This repository provides helm charts for both the monitoring infrastructure and AI service deployments needed to run Llama Stack reliably in OpenShift AI.

Architecture

The proposed observability & telemetry architecture:

observability architecture diagram

This architecture demonstrates the complete observability ecosystem, from AI workload telemetry collection through distributed tracing to comprehensive monitoring dashboards.

Components

All components are organized by dependency layers in the ./helm/ directory:

Phase 1: Operators (./helm/01-operators/)

Phase 2: Observability Infrastructure (./helm/02-observability/)

  • tempo - Distributed tracing backend with S3-compatible storage
  • otel-collector - OpenTelemetry collector configurations for telemetry collection and processing
  • grafana - Visualization and dashboard management with pre-built dashboards
  • uwm - User Workload Monitoring with PodMonitors for VLLM and AI workloads
  • distributed-tracing-ui-plugin - OpenShift console integration for tracing

Phase 3: AI Services (./helm/03-ai-services/)

Phase 4: MCP Servers (./helm/04-mcp-servers/)

Observability in Action

The telemetry and observability stack provides comprehensive visibility into AI workload performance and distributed system behavior.

Distributed Tracing Examples

Llama Stack Request Tracing

End-to-End Request Tracing: Complete visibility into AI inference request flows through the Llama Stack infrastructure.

Detailed Service Interaction Tracing

Create Agent from LlamaStack Tracing: Detailed trace view showing complex interactions between different services in the AI stack.

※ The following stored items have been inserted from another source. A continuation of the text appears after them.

(* For all (possibly open) terms $t_0,t_1$ of $\lambda_S$, if $t_0$ and $t_1$ are CPS equivalent then $t_0\;(\approx^p_\emptyset)^{\circ}\;t_1$.
   Context: Terms of $\lambda_S$: $t ::= x \mid \lambda x.t \mid t\,t \mid \mathcal{S}k.t \mid \langle t\rangle$ (shift binds $k$; $\langle\cdot\rangle$ reset), up to $\alpha$-conversion; $\mathrm{fv}(t)$ free variables. Values $v::=\lambda x.t$. Pure contexts $E ::= \Box \mid v\,E \mid E\,t$; evaluation contexts $F ::= \Box \mid v\,F \mid F\,t \mid \langle F\rangle$. Reduction: $F[(\lambda x.t)v]\to F[t\{v/x\}]$; $F[\langle E[\mathcal Sk.t]\rangle]\to F[\langle t\{\lambda x.\langle E[x]\rangle/k\}\rangle]$ ($x\notin\mathrm{fv}(E)$); $F[\langle v\rangle]\to F[v]$; $\to^*$ reflexive-transitive closure. Program: term $\langle t\rangle$ (ranged over by $p$). CPS equivalence: $t_0,t_1$ are CPS equivalent if their (Danvy–Filinski call-by-value) CPS translations are $\beta\eta$-convertible; equivalently (Kameyama–Hasegawa), if $t_0=t_1$ is derivable in the congruence generated by the axioms (with variables counted as values, $\mathcal{E}$ pure contexts): $(\lambda x.t)v=t\{v/x\}$; $(\lambda x.E[x])t=E[t]$ if $x\notin\mathrm{fv}(E)$; $\langle E[\mathcal Sk.t]\rangle=\langle t\{\lambda x.\langle E[x]\rangle/k\}\rangle$; $\langle(\lambda x.t_0)\langle t_1\rangle\rangle=(\lambda x.\langle t_0\rangle)\langle t_1\rangle$; $\langle v\rangle=v$; $\mathcal Sk.\langle t\rangle=\mathcal Sk.t$; $\lambda x.v\,x=v$ if $x\notin\mathrm{fv}(v)$; $\mathcal Sk.(k\,t)=t$ if $k\notin\mathrm{fv}(t)$. Closures: for $R$ a relation on closed terms, $\widetilde R$ is the smallest relation containing $R$, all $(x,x)$, closed under all term constructors, restricted to closed terms; $\widehat R$ is the smallest relation on closed evaluation contexts with $\Box\widehat R\Box$, $v_0F_0\widehat Rv_1F_1$ if $F_0\widehat RF_1,v_0\widetilde Rv_1$; $F_0t_0\widehat RF_1t_1$ if $F_0\widehat RF_1,t_0\widetilde Rt_1$; $\langle F_0\rangle\widehat R\langle F_1\rangle$ if $F_0\widehat RF_1$. Environmental bisimilarity for programs: an environment $\mathcal E$ is a relation on closed values; an environmental relation $\mathcal X$ is a set of environments and triples $(\mathcal E,t_0,t_1)$, $t_0,t_1$ closed, written $t_0\mathcal X_{\mathcal E}t_1$. $\mathcal X$ is an environmental bisimulation for programs if (1) if $t_0\mathcal X_{\mathcal E}t_1$ and $t_0,t_1$ are not both programs, then for all pure $E_0\widehat{\mathcal E}E_1$, $\langle E_0[t_0]\rangle\mathcal X_{\mathcal E}\langle E_1[t_1]\rangle$; (2) if $p_0\mathcal X_{\mathcal E}p_1$: (a) $p_0\to p_0'$ (program) implies $p_1\to^*p_1'$ (program) with $p_0'\mathcal X_{\mathcal E}p_1'$; (b) $p_0\to v_0$ implies $p_1\to^*v_1$ and $\{(v_0,v_1)\}\cup\mathcal E\in\mathcal X$; (c) symmetric conditions; (3) for $\mathcal E\in\mathcal X$, $(\lambda x.t_0)\mathcal E(\lambda x.t_1)$ and $v_0\widetilde{\mathcal E}v_1$ imply $t_0\{v_0/x\}\mathcal X_{\mathcal E}t_1\{v_1/x\}$. $\approx^p$ is the largest such relation; $t_0\approx^p_{\emptyset}t_1$ means $(\emptyset,t_0,t_1)\in\approx^p$. Open extension: for terms $t_0,t_1$ with $\vec x=\mathrm{fv}(t_0)\cup\mathrm{fv}(t_1)$, $t_0\,(\approx^p_\emptyset)^\circ\,t_1$ iff $\lambda\vec x.t_0\approx^p_\emptyset\lambda\vec x.t_1$. *)

(* lambda_S (call-by-value lambda calculus with shift/reset)
   in de Bruijn representation (alpha-conversion built in). *)
From Stdlib Require Import Arith.

Inductive term : Type :=
| Var (n : nat)
| Lam (t : term)
| App (t u : term)
| Shift (t : term)          (* S k. t : binds k as index 0 *)
| Reset (t : term).

Definition up_ren (xi : nat -> nat) : nat -> nat :=
  fun n => match n with 0 => 0 | S n' => S (xi n') end.

Fixpoint ren (xi : nat -> nat) (t : term) : term :=
  match t with
  | Var n => Var (xi n)
  | Lam t => Lam (ren (up_ren xi) t)
  | App t u => App (ren xi t) (ren xi u)
  | Shift t => Shift (ren (up_ren xi) t)
  | Reset t => Reset (ren xi t)
  end.

Definition lift (t : term) : term := ren S t.

Definition up (sigma : nat -> term) : nat -> term :=
  fun n => match n with 0 => Var 0 | S n' => lift (sigma n') end.

Fixpoint subst (sigma : nat -> term) (t : term) : term :=
  match t with
  | Var n => sigma n
  | Lam t => Lam (subst (up sigma) t)
  | App t u => App (subst sigma t) (subst sigma u)
  | Shift t => Shift (subst (up sigma) t)
  | Reset t => Reset (subst sigma t)
  end.

(** [subst0 v t] is t{v/x} where x is the variable bound at index 0 *)
Definition subst0 (v t : term) : term :=
  subst (fun n => match n with 0 => v | S n' => Var n' end) t.

Fixpoint closed_at (k : nat) (t : term) : Prop :=
  match t with
  | Var n => n < k
  | Lam t => closed_at (S k) t
  | App t u => closed_at k t /\ closed_at k u
  | Shift t => closed_at (S k) t
  | Reset t => closed_at k t
  end.

Definition closed (t : term) : Prop := closed_at 0 t.

Fixpoint fvbound (t : term) : nat :=
  match t with
  | Var n => S n
  | Lam t => pred (fvbound t)
  | App t u => Nat.max (fvbound t) (fvbound u)
  | Shift t => pred (fvbound t)
  | Reset t => fvbound t
  end.

Definition lams (n : nat) (t : term) : term := Nat.iter n Lam t.

Definition is_val (t : term) : Prop := exists b, t = Lam b.
(** values of the Kameyama-Hasegawa axioms: variables counted as values *)
Definition kh_val (t : term) : Prop := is_val t \/ exists n, t = Var n.

Inductive ectx : Type :=
| EHole
| EAppR (v : term) (F : ectx)
| EAppL (F : ectx) (t : term)
| EReset (F : ectx).

Fixpoint plug (F : ectx) (t : term) : term :=
  match F with
  | EHole => t
  | EAppR v F => App v (plug F t)
  | EAppL F u => App (plug F t) u
  | EReset F => Reset (plug F t)
  end.

Fixpoint ren_ectx (xi : nat -> nat) (F : ectx) : ectx :=
  match F with
  | EHole => EHole
  | EAppR v F => EAppR (ren xi v) (ren_ectx xi F)
  | EAppL F u => EAppL (ren_ectx xi F) (ren xi u)
  | EReset F => EReset (ren_ectx xi F)
  end.

Definition lift_ectx (F : ectx) : ectx := ren_ectx S F.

These traces provide insights into:

  • Request latency and service dependencies
  • Error tracking and performance bottlenecks
  • Load distribution across model endpoints

Requirements

Minimum hardware requirements

  • CPU: 8+ cores recommended for full stack deployment
  • Memory: 16GB+ RAM for monitoring stack, additional memory based on AI workload requirements
  • Storage: 100GB+ for observability data retention
  • Inference Hardware
    • GPU (Default): NVIDIA GPU required for AI model inference (varies by model size)
    • Xeon:
      • 2 worker nodes with Intel Xeon processor 4th gen or newer (SPR, EMR, GNR) with a minimum of 32vCPU and 64GB of RAM
        • Llama3.2-3b requires at least 16vCPU and 32GB of memory
        • Lllama-Guard (Llama-Guard-3-1B) requires at least 4vCPU and 16GB of memory
        • for example: m8i.8xlarge, m7i.8xlarge, c8i.8xlarge

Minimum software requirements

  • OpenShift 4.12+ or Kubernetes 1.24+
  • OpenShift AI 2.19 onwards
  • Helm 3.8+ for chart deployment
  • oc CLI or kubectl for cluster management

Required user permissions

  • Cluster Admin - Required for operator installation and observability stack setup
  • GPU Access - Required for AI workload deployment on GPU

Deploy

# step 0 
git clone https://github.com/rh-ai-quickstart/lls-observability.git && \ 
cd lls-observability

Prerequisites

Xeon deployment

  • Build vllm-xeon-opentelemetry Image
# ImageStream
oc create imagestream vllm-xeon-opentelemetry -n openshift
# BuildConfig
oc apply -f helm/vllm-xeon-opentelemetry-build-config.yaml
# Wait ~5 minutes and check if image is present in OpenShift
oc get is -n openshift | grep vllm-xeon-opentelemetry

Quick Start - Automated Installation

Option 1: Complete Stack (Recommended)

# Run the full installation script
./scripts/install-full-stack.sh
# Xeon
DEVICE=xeon scripts/install-full-stack.sh

Option 2: Phase-by-Phase Installation

# For Xeon Deployments set DEVICE environment variable
# export DEVICE=xeon

# Phase 1: Install operators
./scripts/install-operators.sh

# Phase 2: Deploy observability infrastructure
./scripts/deploy-observability.sh

# Phase 3: Deploy AI workloads
./scripts/deploy-ai-workloads.sh

Option 3: Using Makefile (Optional)

# Xeon Deployments
# export DEVICE=xeon

# Install everything in one command
make install-all

# Or phase-by-phase
make install-operators      # Phase 1
make deploy-observability   # Phase 2  
make deploy-ai              # Phase 3

Advanced Usage

Manual Step-by-Step Installation

For users who prefer to understand each step or need to customize the installation.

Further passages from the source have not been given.